Looking for simple explanations for the rest of your ballot? Check out my Voter’s Guide here.
There you are, making your way through your ballot, and you come across something weird. Substitute Senate Bill 5444? The description doesn’t help and scanning down, you see a whole slew of these: Senate Bill 5627, Engrossed Substitute House Bill 1846, Second Engrossed Second Substitute House Bill 1971, Engrossed House Bill 2075. What do they mean?
These “Advisory Votes” are the result of a procedural change forced by a Tim Eyman initiative a few years back. Whenever the state legislature wants to increase tax revenues, whether it is a minor tweak or a major change, they need to put it to a vote of the people. That is what we are discussing here – changes to our tax code. The legislature (including our Democratic House and our Republican Senate) passed all these measures and now we get the opportunity to “maintain” their decision or “repeal” it.
After reviewing them all, my recommendation is to “maintain” all of them. They are not major changes and they are mostly just closing tax loopholes that were being abused. Below is a more detailed examination:
Substitute Senate Bill 5444: This bill closes a tax exemption for people who rent publicly owned property.
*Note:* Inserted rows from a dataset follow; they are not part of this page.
(* In the setting of the context, assume (A2), (A2') and (A3). Then for every $j\in\{1,\dots,p\}$, $$\big|\,\|R\|_{\mathcal{G}_j,2}-\|\alpha\|_{\mathcal{G}_j,2}\big|^2\le 4M^2v_n\,r(\mathcal{G}_j)+2(1+\nu)\,\|P_{V_{\mathcal{G}_j}}W\|_2^2.$$
   Context: Model $Y=\tilde X\alpha+W$ with $\tilde X\in\mathbb{R}^{n\times k}$, $\alpha\in\mathbb{R}^k$, $W\in\mathbb{R}^n$ a noise vector with i.i.d. $\mathcal{N}(0,\sigma^2)$ entries. $\mathcal{G}_1,\dots,\mathcal{G}_p$ is a partition of $\{1,\dots,k\}$, $t_j=\#\mathcal{G}_j$, $t^*=\max_j t_j$; each index $\ell$ is written $\ell=(j,t)$ with $j$ its group and $t\in\{1,\dots,t_j\}$ its rank inside $\mathcal{G}_j$. $R_\ell=\sum_{i=1}^n Y_i\tilde X_{i\ell}$. Norms: $\|u\|_{\mathcal{I},1}=\sum_{\ell\in\mathcal{I}}|u_\ell|$, $\|u\|_{\mathcal{I},2}^2=\sum_{\ell\in\mathcal{I}}u_\ell^2$. $\Gamma=\tilde X^t\tilde X$; $V_{\mathcal{I}}$ is the span of the columns of $\tilde X$ indexed by $\mathcal{I}$ and $P_{V_{\mathcal{I}}}$ the orthogonal projection onto it. $\gamma_{BT}=\sup\{|\Gamma_{(j,t)(j',t')}|: t\neq t'\}$, $\gamma_{BG}=\sup\{|\Gamma_{(j,t)(j',t)}|: j\ne j'\}$; $r(\mathcal{I})=\#(\mathcal{I})\gamma_{BT}^2+\#\{j:\exists t,(j,t)\in\mathcal{I}\}\gamma_{BG}^2$; $\tau^*=t^*\gamma_{BT}+\gamma_{BG}$. Assumptions: (A2) $\Gamma_{\ell\ell}=1$ for all $\ell$; (A2') $\tau^*\le\nu$ for a fixed $\nu\in(0,1)$; (A3) there exist $q\in(0,1]$, $M>0$ and $v_n>0$ with $\sum_{j=1}^p\|\alpha\|_{\mathcal{G}_j,1}^q\le M^q v_n^{q/2}$. *)

From HB Require Import structures.
From mathcomp Require Import all_boot all_order all_algebra.
From mathcomp Require Import all_classical all_reals.
From mathcomp Require Import exp.
Set Implicit Arguments. Unset Strict Implicit. Unset Printing Implicit Defensive.
Import Order.TTheory GRing.Theory Num.Theory.
Local Open Scope ring_scope.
Right now, there are several private companies that rent land from ports, cities, counties and the state. These people were getting a tax write-off for choosing to rent from the government rather than the private sector. Removing this incentive levels the playing field for private property companies and returns some revenue to the state coffers. It had broad bipartisan support and is a pretty common sense fix. Vote maintained.
Senate Bill 5627: This is one of those housekeeping measures the legislature would normally handle without any trouble, but now you have to vote on it. In the past, we taxed air carriers through a property tax measure, but since the amount of property required for air carriers varies greatly, it was not an effective tool. They are shifting to an excise tax to make it more consistent. Vote maintained.
Engrossed Substitute House Bill 1846: This bill allows insurance companies in Washington state to offer dental coverage for children. Because it involves how we spend the Insurance Premium tax, we need to vote on it . . . but seriously, dental coverage for children! Vote maintained.
Second Engrossed Second Substitute House Bill 1971: This is another housekeeping measure having to do with phones. As most of our phone legislation, including tax legislation, was written in the 1990s – it was long past time for an update. This measure added the 911 tax to prepaid cellphones and standardized many of the regulations across different devices. Common sense. Vote maintained.
Engrossed House Bill 2075: This was the final patch to balance the state budget this year – it clarifies how the estate tax is supposed to be applied (there were a few legal issues with previous interpretations) and makes sure it covers certain types of property transfers. It is not an expansion and the money goes to education. Vote maintained.